The first thing that interested me in Edgar Wright’s Baby Driver was the cast. Kevin Spacey, Ansel Egort, Jon Hamm, and Jamie Foxx in a film? It had to be a good one. It’s such a diverse cast of actors with vastly different backgrounds but not one of them felt like they had been cast too radically. In fact, it almost seems like these characters were written specifically for the actors who portray them.

But, before I get too ahead of myself, what exactly is Baby Driver? It mostly slipped in under the radar this summer. While audiences were going (or not going) to see the typical tentpole film of the summer, Baby Driver arrived quietly and left quietly.

Baby Driver tells the story of Baby (yes, Baby) a kid with tinnitus who happens to be a getaway driver for a rich and powerful crime boss name Doc (Kevin Spacey). Baby is an indentured servant. Before the film, he stole Doc’s car which was full of “merchandise” which Baby pawned for money. As a result, Doc hires him so Baby can pay him back. Just when he thinks he’s done with his life of crime, and after he meets his new girlfriend, Deborah, Doc coerces him to take another job. However, Doc doesn’t use the same team twice and Baby’s life soon spirals out of control and he has to risk everything to keep those he cares for safe.

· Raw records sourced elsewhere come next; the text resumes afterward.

(* Suppose $G\in\mathcal{G}(n,k,p,0)$ has $k$ connected components $C_1,\dots,C_k\subset V=[n]$, each of size $n_0$, with vertex $1\in C_1$. Then the Orthogonal Matching Pursuit algorithm applied to the sparse recovery problem $\arg\min\{\|x\|_0: x\in\mathbb{R}^{n-1},\ L_{-1}x=-\ell_1\}$ returns $x^{\#}=\mathbf{1}_{C_1\setminus\{1\}}$ after $n_0-1$ iterations. Consequently $C_1=\{1\}\cup\mathrm{supp}(x^{\#})$.
   Context: $\mathcal{G}(n,k,p,0)$ is the stochastic block model with $n=kn_0$ vertices partitioned in advance into clusters $C_1,\dots,C_k$ of size $n_0$, each intra-cluster edge present independently with probability $p$ and no inter-cluster edges. $A$ is the adjacency matrix, $D=\mathrm{diag}(d_1,\dots,d_n)$ the degree matrix (degrees assumed positive), $L=I-D^{-1}A$, $\ell_i$ the $i$-th column of $L$, and $L_{-1}$ the matrix $L$ with column $\ell_1$ removed; vectors in $\mathbb{R}^{n-1}$ are indexed by vertices $2,\dots,n$. For $S\subset[n]$, $\mathbf{1}_S$ is the indicator vector of $S$. Orthogonal Matching Pursuit (OMP) with matrix $\Phi$ and vector $y$: set $r^{(0)}=y$, $S^{(0)}=\emptyset$; at iteration $\alpha\ge1$, let $i^{(\alpha)}$ be an index of a largest absolute entry of $\Phi^\top r^{(\alpha-1)}$, $S^{(\alpha)}=S^{(\alpha-1)}\cup\{i^{(\alpha)}\}$, $x^{(\alpha)}=\arg\min\{\|\Phi z-y\|_2:\mathrm{supp}(z)\subset S^{(\alpha)}\}$, $r^{(\alpha)}=y-\Phi x^{(\alpha)}$. Here $\Phi=L_{-1}$, $y=-\ell_1$. *)

From HB Require Import structures.
From mathcomp Require Import all_boot all_order all_algebra.
From mathcomp Require Import reals.
Set Implicit Arguments. Unset Strict Implicit. Unset Printing Implicit Defensive.
Import Order.TTheory GRing.Theory Num.Theory.
Local Open Scope ring_scope.

(* Vertices are 'I_N (0-based): the paper's vertex 1 is ord0.
   Vectors of R^m are column vectors 'cV[R]_m. *)

Definition adjmx (R : realType) (N : nat) (e : rel 'I_N) : 'M[R]_N :=
  \matrix_(i, j) (e i j)%:R.

Definition degree (R : realType) (N : nat) (A : 'M[R]_N) (i : 'I_N) : R :=
  \sum_j A i j.
Definition degmx (R : realType) (N : nat) (A : 'M[R]_N) : 'M[R]_N :=
  diag_mx (\row_i degree A i).

Definition rwlaplacian (R : realType) (N : nat) (A : 'M[R]_N) : 'M[R]_N :=
  1%:M - invmx (degmx A) *m A.

Definition norm2 (R : realType) (m : nat) (v : 'cV[R]_m) : R :=
  Num.sqrt (\sum_i (v i 0) ^+ 2).

Definition supp (R : realType) (m : nat) (v : 'cV[R]_m) : {set 'I_m} :=
  [set i | v i 0 != 0].

(* A run of Orthogonal Matching Pursuit with matrix Phi and vector y:
   S a = S^(a), idx a = i^(a), x a = x^(a), r a = r^(a).
   Ties in the argmax and in the argmin are resolved arbitrarily
   (any valid choice is allowed). *)
Definition omp_run (R : realType) (m p : nat) (Phi : 'M[R]_(m, p)) (y : 'cV[R]_m)
  (S : nat -> {set 'I_p}) (idx : nat -> 'I_p)
  (x : nat -> 'cV[R]_p) (r : nat -> 'cV[R]_m) : Prop :=
  [/\ r 0%N = y, S 0%N = set0, x 0%N = 0 &
   forall a : nat,
   [/\ (forall j : 'I_p, `|(Phi^T *m r a) j 0| <= `|(Phi^T *m r a) (idx a.+1) 0|),
       S a.+1 = idx a.+1 |: S a,
       supp (x a.+1) \subset S a.+1,
       (forall z : 'cV[R]_p, supp z \subset S a.+1 ->
          norm2 (Phi *m x a.+1 - y) <= norm2 (Phi *m z - y)) &
       r a.+1 = y - Phi *m x a.+1]].

From HB Require Import structures.
From mathcomp Require Import all_boot all_order all_algebra.
From mathcomp Require Import reals.
From mathcomp Require Import lra ring.
Import Order.TTheory GRing.Theory Num.Theory.
Set Implicit Arguments. Unset Strict Implicit. Unset Printing Implicit Defensive.
Local Open Scope ring_scope.

(* Let T be the cluster of vertex 1 with vertex 1 removed, and o its indicator,
   so that L_{-1} o = -l_1 since L kills the indicator of a cluster.  Two
   properties of L_{-1} relative to T drive OMP: it is injective on vectors
   supported in T (such a vector extended by 0 is L-harmonic, hence constant on
   the connected cluster, and it vanishes at vertex 1), and L_{-1}^T L_{-1} keeps
   vectors supported in T supported in T (L is block diagonal along clusters).
   Hence every residual is L_{-1} u with supp u in T and is nonzero until T is
   exhausted, so its correlations are nonzero somewhere, only on T, and vanish
   on the indices already chosen by least-squares orthogonality: each step adds
   a new index of T, and after |T| steps the least-squares solution is o. *)

Section Support.
Variables (R : realType) (m : nat).
Implicit Types (u v : 'cV[R]_m) (A : {set 'I_m}).

Lemma supp_sub0 u A j : supp u \subset A -> j \notin A -> u j 0 = 0.
Proof. by move=> /subsetP uA /(contra (uA j)); rewrite inE negbK => /eqP. Qed.

Lemma supp_subB u v : supp (u - v) \subset supp u :|: supp v.
Proof.
apply/subsetP => j; rewrite !inE !mxE.
by have [->|] := eqVneq (u j 0) 0; rewrite ?orbT // add0r oppr_eq0.
Qed.

Lemma supp_eq0 v : supp v = set0 -> v = 0.
Proof.
move=> v0; apply/matrixP => j l; rewrite ord1 mxE.
by apply: (@supp_sub0 _ set0); rewrite ?v0 ?inE.
Qed.

Lemma sumsqr_eq0 v : (\sum_i v i 0 ^+ 2 == 0) = (v == 0).
Proof.
apply/eqP/eqP => [sum0 | ->]; last by rewrite big1 // => i _; rewrite mxE expr0n.
apply/matrixP => i l; rewrite ord1 mxE; apply/eqP; rewrite -sqrf_eq0; apply/eqP.
exact: (psumr_eq0P (fun i _ => sqr_ge0 (v i 0)) sum0).
Qed.

Lemma norm2_eq0 v : (norm2 v == 0) = (v == 0).
Proof.
rewrite /norm2 sqrtr_eq0 -sumsqr_eq0 eq_le andb_idr // => _.
by apply: sumr_ge0 => i _; apply: sqr_ge0.
Qed.

End Support.

Lemma quadratic_ge0_lin_eq0 (R : realFieldType) (a c : R) :
  0 <= a -> (forall t, 2 * t * c <= t ^+ 2 * a) -> c = 0.
Proof.
move=> a_ge0 lin_le; have a1_neq0 : a + 1 != 0 by rewrite gt_eqF // ltr_wpDl.
have [t tE] : exists t, t * (a + 1) = c by exists (c / (a + 1)); rewrite divfK.
by have := lin_le t; rewrite -tE; nra.
Qed.

Section LeastSquares.
Variables (R : realType) (m p : nat) (Phi : 'M[R]_(m, p)).

Lemma trmx_mulmx_entry (r : 'cV[R]_m) j :
  (Phi^T *m r) j 0 = \sum_i Phi i j * r i 0.
Proof. by rewrite mxE; apply: eq_bigr => i _; rewrite mxE. Qed.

There is a lot going on Baby Driver and Wright masterfully juggles every little point to a ‘T’. Baby is a kick-ass driver with even more kick-ass tunes and the music he listens to serves as a perfect background soundtrack to the getaway sequences this film is littered with. There are also brilliant jokes everywhere. I laughed almost the entire time, however, it should be noted that this isn’t just a comedy. It’s a balls to the wall, white-knuckle, heist film that had me on the edge of my seat until the very end.

If you think you have an idea of how it’s going to end, you don’t. Wright has written a taut and impenetrable screenplay that has the hallmarks of popular heist films, including one killer opening scene that will make car chase lovers drool. A simple word of advice, don’t get attached to too many of the characters. The body count is high here and it’s unpredictable and messy and yet so dang good.

The film is, as stated in the title, choreographed to perfection as well. Wright’s attention to detail is on full display even from the beginning. After the car chase opening, the audience is introduced to Doc and the crew and before they get down to business, it’s easy to see why Wright hired a choreographer for the film.

In all, Baby Driver is a great film. It’s fun and funny yet crazy and thrilling. It’s a fantastic introduction to Edgar Wright if you’ve never seen his work.